DIY Explanation

pour améliorer, meaning 'to improve', is a humble record of our renovation, home improvement and landscaping projects, with our travel adventures thrown in.

25 November, 2014

Home Office... Covering Up The Ugly Bits

The home office is coming along, but we're in that annoying stage that involves a lot of small time-consuming tasks that don't look particularly pretty until we get to the next stage (i.e. paint). But if we don't do them properly the paint won't look any good. We've learned that the hard way, but it doesn't make me any less impatient to get this part over!!!

So let me just wizz through it and we can pretend it happened like magic, not over the course of many painful weekends.

Here's where we left off after getting through the messy first few stages (see here)...


The most obvious ugly bits are all the gaps between the ceiling boards. So I pulled out a picture of the original ceiling and attempted to lie out the timber battens we had pulled off the original ceiling. It's surprisingly difficult! Don't judge me.


But we got there eventually.


We paint scraped all of the boards, and then laid them out...


Ready for an undercoat.

 
Meanwhile, onto another ugly bit! The window frame!


We didn't bother salvaging the extremely boring architrave that we'd pulled off the window originally, so bought some new stuff, cut it to size, and voila, the window instantly looks more finished.

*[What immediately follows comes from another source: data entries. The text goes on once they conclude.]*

(* Let $(q_n)$ be the Fibonacci Quilt sequence. For all integers $k\ge0$ and $\ell\ge1+5k$ (and $\ell\ge6$ when $k\ge1$), \[ q_\ell+q_{\ell-5}+q_{\ell-10}+\cdots+q_{\ell-5k}<q_{\ell+1}. \]
   Context: Given an increasing sequence of positive integers $(q_i)_{i\ge1}$, an FQ-legal decomposition of an integer $m\ge0$ is an expression $m=q_{\ell_1}+q_{\ell_2}+\cdots+q_{\ell_t}$ ($t\ge0$, the empty sum representing $0$) with distinct indices $\ell_1>\ell_2>\cdots>\ell_t$ such that $|\ell_i-\ell_j|\notin\{1,3,4\}$ for all $i,j$, and $\{1,3\}\not\subset\{\ell_1,\dots,\ell_t\}$. The Fibonacci Quilt sequence is the increasing sequence of positive integers $(q_i)_{i\ge1}$ in which each $q_i$ is the smallest positive integer having no FQ-legal decomposition using only $q_1,\dots,q_{i-1}$. Its first terms are $1,2,3,4,5,7,9,12,16,21,28,37,49,\dots$. *)

From mathcomp Require Import all_boot.
Set Implicit Arguments. Unset Strict Implicit. Unset Printing Implicit Defensive.

(* An index set s (a list of indices; order irrelevant) is FQ-legal if its
   indices are distinct, no two differ by 1, 3 or 4, and it does not contain
   both 1 and 3.  (Checking a - b over all ordered pairs with truncated
   subtraction covers |a - b|.) *)
Definition FQ_legal (s : seq nat) : bool :=
  [&& uniq s,
      all (fun a => all (fun b => (a - b) \notin [:: 1; 3; 4]) s) s
    & ~~ ((1 \in s) && (3 \in s))].

Fixpoint subsets (s : seq nat) : seq (seq nat) :=
  match s with
  | [::] => [:: [::]]
  | x :: t => let r := subsets t in map (cons x) r ++ r
  end.

(* qs = [:: q_1; ...; q_(i-1)]; has_FQ_decomp qs m holds iff m has an
   FQ-legal decomposition using only q_1, ..., q_(i-1)
   (index j refers to q_j = nth 0 qs j.-1). *)
Definition has_FQ_decomp (qs : seq nat) (m : nat) : bool :=
  has (fun s => FQ_legal s && (sumn (map (fun j => nth 0 qs j.-1) s) == m))
      (subsets (iota 1 (size qs))).

(* The smallest positive integer with no FQ-legal decomposition using qs.
   The search range 1 .. (sumn qs).+1 suffices: (sumn qs).+1 exceeds every
   decomposition sum, so it is never decomposable. *)
Definition FQ_next (qs : seq nat) : nat :=
  let S := sumn qs in
  nth S.+1 [seq m <- iota 1 S.+1 | ~~ has_FQ_decomp qs m] 0.

Fixpoint FQ_prefix (n : nat) : seq nat :=
  match n with
  | 0 => [::]
  | n'.+1 => let p := FQ_prefix n' in rcons p (FQ_next p)
  end.

(* The Fibonacci Quilt sequence, 1-indexed: fq i = q_i for i >= 1
   (fq 0 = 0 is an unused dummy value). *)
Definition fq (i : nat) : nat := last 0 (FQ_prefix i).

Lemma fq_first_terms :
  map fq (iota 1 13) = [:: 1; 2; 3; 4; 5; 7; 9; 12; 16; 21; 28; 37; 49].
Proof. by vm_compute. Qed.

From mathcomp Require Import all_boot zify.

Set Implicit Arguments.
Unset Strict Implicit.
Unset Printing Implicit Defensive.

(* By construction, q_(n+1) is the least positive integer without a legal
   decomposition into q_1, ..., q_n.  This alone makes q strictly increasing,
   and yields q_n = q_(n-2) + q_(n-3) for n >= 5 by strong induction: if the
   recurrence holds up to N, then every 0 < m < T := q_(N-1) + q_(N-2)
   = q_N + q_(N-4) is decomposable with indices <= N (use q_N together with
   a decomposition of m - q_N with indices <= N-5), whereas T is not, since a
   legal sum with indices <= j stays below q_(j+1) + q_j.  Hence q_(N+1) = T.
   The recurrence gives q_(l+1) = q_l + q_(l-4), and the inequality follows by
   induction on k. *)

Lemma size_FQ_prefix n : size (FQ_prefix n) = n.
Proof. by elim: n => //= n IH; rewrite size_rcons IH. Qed.

Lemma fqS n : fq n.+1 = FQ_next (FQ_prefix n).
Proof. by rewrite /fq /= last_rcons. Qed.

Lemma nth_FQ_prefix n i : i < n -> nth 0 (FQ_prefix n) i = fq i.+1.
Proof.
elim: n => // n IH lt_in; rewrite /= nth_rcons size_FQ_prefix.
by case: (ltngtP i n) => [/IH | | ->] //; [lia | rewrite fqS].
Qed.

Lemma fq0 : fq 0 = 0.
Proof. by []. Qed.

Lemma subsets_subseq t s : s \in subsets t -> subseq s t.
Proof.
elim: t s => [|x t IH] s /=; first by rewrite inE => /eqP ->.
rewrite mem_cat => /orP [/mapP [s' /IH + ->] | /IH]; first by rewrite /= eqxx.
by move=> sub_st; apply: subseq_trans sub_st (subseq_cons t x).
Qed.

Lemma filter_in_subsets (p : pred nat) t : filter p t \in subsets t.
Proof.
elim: t => [|x t IH] /=; first by rewrite inE.
by rewrite mem_cat; case: (p x); rewrite ?map_f ?IH ?orbT.
Qed.

Lemma sumn_subsets_le (f : nat -> nat) t s :
  s \in subsets t -> sumn (map f s) <= sumn (map f t).
Proof.
elim: t s => [|x t IH] s /=; first by rewrite inE => /eqP ->.
rewrite mem_cat => /orP [/mapP [s' /IH le_s' ->] | /IH le_s] /=.
  by rewrite leq_add2l.
exact: leq_trans le_s (leq_addl _ _).
Qed.

Lemma sumn_nth_iota (qs : seq nat) :
  sumn [seq nth 0 qs j.-1 | j <- iota 1 (size qs)] = sumn qs.
Proof.
rewrite -[1]/(1 + 0) iotaDl -map_comp.
by rewrite (eq_map (_ : _ \o addn 1 =1 nth 0 qs)) // -/(mkseq _ _) mkseq_nth.
Qed.

Section FQNext.

Variable qs : seq nat.

Let undecomposable := [seq m <- iota 1 (sumn qs).+1 | ~~ has_FQ_decomp qs m].

Lemma has_FQ_decomp_le m : has_FQ_decomp qs m -> m <= sumn qs.
Proof.
case/hasP => s /(sumn_subsets_le (fun j => nth 0 qs j.-1)).
by rewrite sumn_nth_iota => le_s /andP [_ /eqP <-].
Qed.

Lemma FQ_next_undecomposable : ~~ has_FQ_decomp qs (FQ_next qs).
Proof.
rewrite /FQ_next -/undecomposable.
have [size_gt0 | size_le0] := ltnP 0 (size undecomposable).
  by have := mem_nth (sumn qs).+1 size_gt0; rewrite mem_filter => /andP [].
by rewrite nth_default //; apply/negP => /has_FQ_decomp_le; rewrite ltnn.
Qed.

Lemma FQ_next_min m : 0 < m < FQ_next qs -> has_FQ_decomp qs m.
Proof.
case/andP => m_gt0 lt_m_next; apply/negPn/negP => undec_m.
(* [minn m (sumn qs).+1] is undecomposable and lies in the search range. *)
set m' := minn m (sumn qs).+1.
have m'_in : m' \in undecomposable.
  rewrite mem_filter mem_iota; apply/andP; split; last by rewrite /m'; lia.
  rewrite /m'; case: leqP => // _; apply/negP => /has_FQ_decomp_le; lia.
have sorted_undec : sorted leq undecomposable.
  exact/sorted_filter/iota_sorted/leq_trans.
have idx_m' : index m' undecomposable < size undecomposable by rewrite index_mem.
have := sorted_leq_nth leq_trans leqnn (sumn qs).+1 sorted_undec.
move=> /(_ 0 (index m' undecomposable)); rewrite !inE nth_index //.
move=> /(_ (leq_ltn_trans (leq0n _) idx_m') idx_m' (leq0n _)).
by rewrite /FQ_next -/undecomposable /m' in lt_m_next *; lia.
Qed.

End FQNext.

Definition fq_sum (s : seq nat) : nat := sumn (map fq s).

Definition indices_le (n : nat) (s : seq nat) : Prop :=
  forall i, i \in s -> 0 < i <= n.

Definition decomposable (n m : nat) : Prop :=
  exists s, [/\ FQ_legal s, indices_le n s & fq_sum s = m].

Lemma FQ_legal_uniq s : FQ_legal s -> uniq s.
Proof. by case/and3P. Qed.

Lemma FQ_legal_gap s a b : FQ_legal s -> a \in s -> b \in s ->
  [/\ a - b != 1, a - b != 3 & a - b != 4].
Proof.
case/and3P => _ /allP gaps _ a_s b_s; move: (allP (gaps a a_s) b b_s).
by rewrite !inE; case/norP => -> /norP [-> ->].
Qed.

Lemma FQ_legal_sub s t : uniq t -> {subset t <= s} -> FQ_legal s -> FQ_legal t.
Proof.
move=> uniq_t sub_ts /and3P [_ /allP gaps not13]; apply/and3P; split => //.
  apply/allP => a /sub_ts a_s; apply/allP => b /sub_ts b_s.
  exact: (allP (gaps a a_s) b b_s).
by apply: contra not13 => /andP [/sub_ts -> /sub_ts ->].
Qed.

Lemma FQ_legal_perm s t : perm_eq s t -> FQ_legal s -> FQ_legal t.
Proof.
move=> perm_st legal_s; apply: (FQ_legal_sub _ _ legal_s) => [|i].
  by rewrite -(perm_uniq perm_st) FQ_legal_uniq.
by rewrite (perm_mem perm_st).
Qed.

Lemma FQ_legal_rem j s : FQ_legal s -> FQ_legal (rem j s).
Proof.
move=> legal_s; apply: (FQ_legal_sub _ _ legal_s); last exact: mem_rem.
by rewrite rem_uniq ?FQ_legal_uniq.
Qed.

Lemma FQ_legal_cons n s : FQ_legal s -> indices_le n s -> FQ_legal (n + 5 :: s).
Proof.
move=> legal_s s_le; apply/and3P; split.
- by rewrite /= FQ_legal_uniq // andbT; apply/negP => /s_le; lia.
- apply/allP => a; rewrite inE => /predU1P [-> | a_s];
    apply/allP => b; rewrite inE => /predU1P [-> | b_s].
  + by rewrite subnn.
  + by have := s_le b b_s; rewrite !inE; lia.
  + by have := s_le a a_s; rewrite !inE; lia.
  + have [/negbTE g1 /negbTE g3 /negbTE g4] := FQ_legal_gap legal_s a_s b_s.
    by rewrite !inE g1 g3 g4.
- rewrite !inE; case/and3P: legal_s => _ _; apply: contra.
  by case/andP => /predU1P [? | ->] /predU1P [? | ->] //; lia.
Qed.

Lemma fq_sum_perm s t : perm_eq s t -> fq_sum s = fq_sum t.
Proof. by move=> perm_st; apply/perm_sumn/perm_map. Qed.

Lemma fq_sum_rem j s : j \in s -> fq_sum s = fq j + fq_sum (rem j s).
Proof. by move=> j_s; rewrite (fq_sum_perm (perm_to_rem j_s)). Qed.

Lemma fq_prefix_sum n s : indices_le n s ->
  sumn [seq nth 0 (FQ_prefix n) j.-1 | j <- s] = fq_sum s.
Proof.
move=> s_le; congr sumn; apply/eq_in_map => j /s_le j_le.
by rewrite nth_FQ_prefix ?prednK //; lia.
Qed.

Lemma has_FQ_decompP n m :
  reflect (decomposable n m) (has_FQ_decomp (FQ_prefix n) m).
Proof.
rewrite /has_FQ_decomp size_FQ_prefix; apply: (iffP hasP).
  case=> s /subsets_subseq /mem_subseq sub_s /andP [legal_s /eqP sum_s].
  have s_le : indices_le n s by move=> i /sub_s; rewrite mem_iota; lia.
  by exists s; rewrite -(fq_prefix_sum s_le).
case=> s [legal_s s_le sum_s].
set t := [seq i <- iota 1 n | i \in s].
have perm_st : perm_eq s t.
  apply: uniq_perm; rewrite ?filter_uniq ?iota_uniq ?FQ_legal_uniq // => i.
  by rewrite mem_filter mem_iota; apply/esym/andb_idr => /s_le; lia.
have t_le : indices_le n t by move=> i; rewrite -(perm_mem perm_st); apply: s_le.
exists t; first exact: filter_in_subsets.
apply/andP; split; first exact: FQ_legal_perm legal_s.
by rewrite fq_prefix_sum // -(fq_sum_perm perm_st) sum_s.
Qed.

Lemma fq_succ_undecomposable n : ~ decomposable n (fq n.+1).
Proof. by rewrite fqS => /has_FQ_decompP; apply/negP/FQ_next_undecomposable. Qed.

Lemma decomposable_lt_fq n m : 0 < m < fq n.+1 -> decomposable n m.
Proof. by rewrite fqS => /FQ_next_min /has_FQ_decompP. Qed.

Lemma decomposable0 n : decomposable n 0.
Proof. by exists [::]. Qed.

Lemma decomposable_widen n n' m :
  n <= n' -> decomposable n m -> decomposable n' m.
Proof.
by move=> le_nn' [s [legal_s s_le sum_s]]; exists s; split=> // i /s_le; lia.
Qed.

Lemma decomposable_fq n : 0 < n -> decomposable n (fq n).
Proof.
move=> n_gt0; exists [:: n]; split; last by rewrite /fq_sum /= addn0.
  by rewrite /FQ_legal /= subnn !inE; apply/negP => /andP [/eqP <-].
by move=> i; rewrite inE => /eqP ->; lia.
Qed.

Lemma decomposable_le_fq n m : 0 < m <= fq n -> decomposable n m.
Proof.
case: n => [|n]; first by rewrite fq0; lia.
case/andP => m_gt0; rewrite leq_eqVlt => /predU1P [-> | lt_m_fq].
  exact: decomposable_fq.
by apply: (decomposable_widen (leqnSn n)); apply: decomposable_lt_fq; lia.
Qed.

Lemma decomposable_add n m :
  decomposable n m -> decomposable (n + 5) (fq (n + 5) + m).
Proof.
case=> s [legal_s s_le sum_s]; exists (n + 5 :: s); split.
- exact: FQ_legal_cons.
- by move=> i; rewrite inE => /predU1P [-> | /s_le]; lia.
- by rewrite /fq_sum /= -sum_s.
Qed.

Lemma fq_succ_gt0 n : 0 < fq n.+1.
Proof.
rewrite lt0n; apply/eqP => fq_eq0; apply: (@fq_succ_undecomposable n).
by rewrite fq_eq0; apply: decomposable0.
Qed.

Lemma fq_ltS n : fq n < fq n.+1.
Proof.
rewrite ltnNge; apply/negP => le_fq.
apply: (@fq_succ_undecomposable n); apply: decomposable_le_fq.
by rewrite fq_succ_gt0.
Qed.

Lemma fq_lt : {homo fq : i j / i < j}.
Proof. exact: (homo_ltn ltn_trans fq_ltS). Qed.

Lemma fq_le : {homo fq : i j / i <= j}.
Proof. exact: (homo_leq leqnn leq_trans (fun n => ltnW (fq_ltS n))). Qed.

Lemma fq_succ_eq n T : (forall m, 0 < m < T -> decomposable n m) ->
  ~ decomposable n T -> fq n.+1 = T.
Proof.
move=> below_T undec_T; case: (ltngtP (fq n.+1) T) => // [lt_fq_T | lt_T_fq].
  by case: (fq_succ_undecomposable (below_T _ _)); rewrite fq_succ_gt0.
case: T below_T undec_T lt_T_fq => [|T] _ undec_T lt_T_fq.
  by case: undec_T; apply: decomposable0.
by case: undec_T; apply: decomposable_lt_fq.
Qed.

Lemma indices_le_pred n s : indices_le n s -> n \notin s -> indices_le (n - 1) s.
Proof.
move=> s_le n_notin i i_s.
have i_neq : i != n by apply: contraNneq n_notin => <-.
by have := s_le i i_s; lia.
Qed.

Lemma indices_rem_top j s : FQ_legal s -> j \in s -> indices_le j s ->
  forall i, i \in rem j s -> 0 < i /\ (i = j - 2 \/ i <= j - 5).
Proof.
move=> legal_s j_s s_le i; rewrite mem_rem_uniq ?FQ_legal_uniq // inE.
case/andP => i_neq i_s; have [g1 g3 g4] := FQ_legal_gap legal_s j_s i_s.
by have := s_le i i_s; lia.
Qed.

Lemma indices_rem_top5 j s : FQ_legal s -> j \in s -> indices_le j s ->
  j - 2 \notin rem j s -> indices_le (j - 5) (rem j s).
Proof.
move=> legal_s j_s s_le j2_notin i i_in.
have [i_gt0 [i_eq | le_i]] := indices_rem_top legal_s j_s s_le i_in; last lia.
by move: j2_notin; rewrite -i_eq i_in.
Qed.

Lemma indices_rem_top7 j s : FQ_legal s -> j \in s -> indices_le j s ->
  j - 2 \in rem j s -> indices_le (j - 7) (rem (j - 2) (rem j s)).
Proof.
move=> legal_s j_s s_le j2_in i i_in.
have rest_le : indices_le (j - 2) (rem j s).
  by move=> i' /(indices_rem_top legal_s j_s s_le); lia.
have := indices_rem_top (FQ_legal_rem j legal_s) j2_in rest_le i_in.
have := indices_rem_top legal_s j_s s_le (mem_rem i_in).
have := rest_le _ j2_in; lia.
Qed.

Definition fq_rec_upto (N : nat) : Prop :=
  forall i, 5 <= i <= N -> fq i = fq (i - 2) + fq (i - 3).

Lemma fq_rec_upto7 : fq_rec_upto 7.
Proof.
move=> i le_i; have : [|| i == 5, i == 6 | i == 7] by lia.
by case/or3P => /eqP ->; vm_compute.
Qed.

Section Recurrence.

Next, cornices. This is where having an angled ceiling adds a serious layer of complexity. Most pre-made cornices are designed for ceilings that are at right-angles to the walls. I'm sure the pros have a much more sophisticated (and simple) way of dealing with this problem, but we had to wing it. So we started by tracing the top and bottom of where our cornice needed to sit on both walls and ceilings, which gave us the point at which they needed to intersect.


We cut off two little pieces of timber cornice to experiment with, and trialed-and-errored it until they fit together nicely in the corner. We could then use them as our templates for the real pieces.


Magic! Cornice and architrave over the doorway installed, puttied and no-more-gaps-ed!


Window architrave puttied and no-more-gaps-ed...


Skirting boards installed...


All of the putty etc sanded...


The VJ wall opposite the door corniced, puttied and sanded...


The window frame painted (I know, I cheated and skipped to the painting stage a little bit). What a difference paint makes...
 

And continuing with the cheating (I know, the earmark of a super exciting life is that painting before installing ceiling battens constitutes cheating), we undercoated the ceiling...


Before finally installing the undercoated timber battens! Again, as if I just clicked my fingers and they appeared!


Next stage... can you guess what it is?

Painting!!! Am I the only one DYING to see it painted?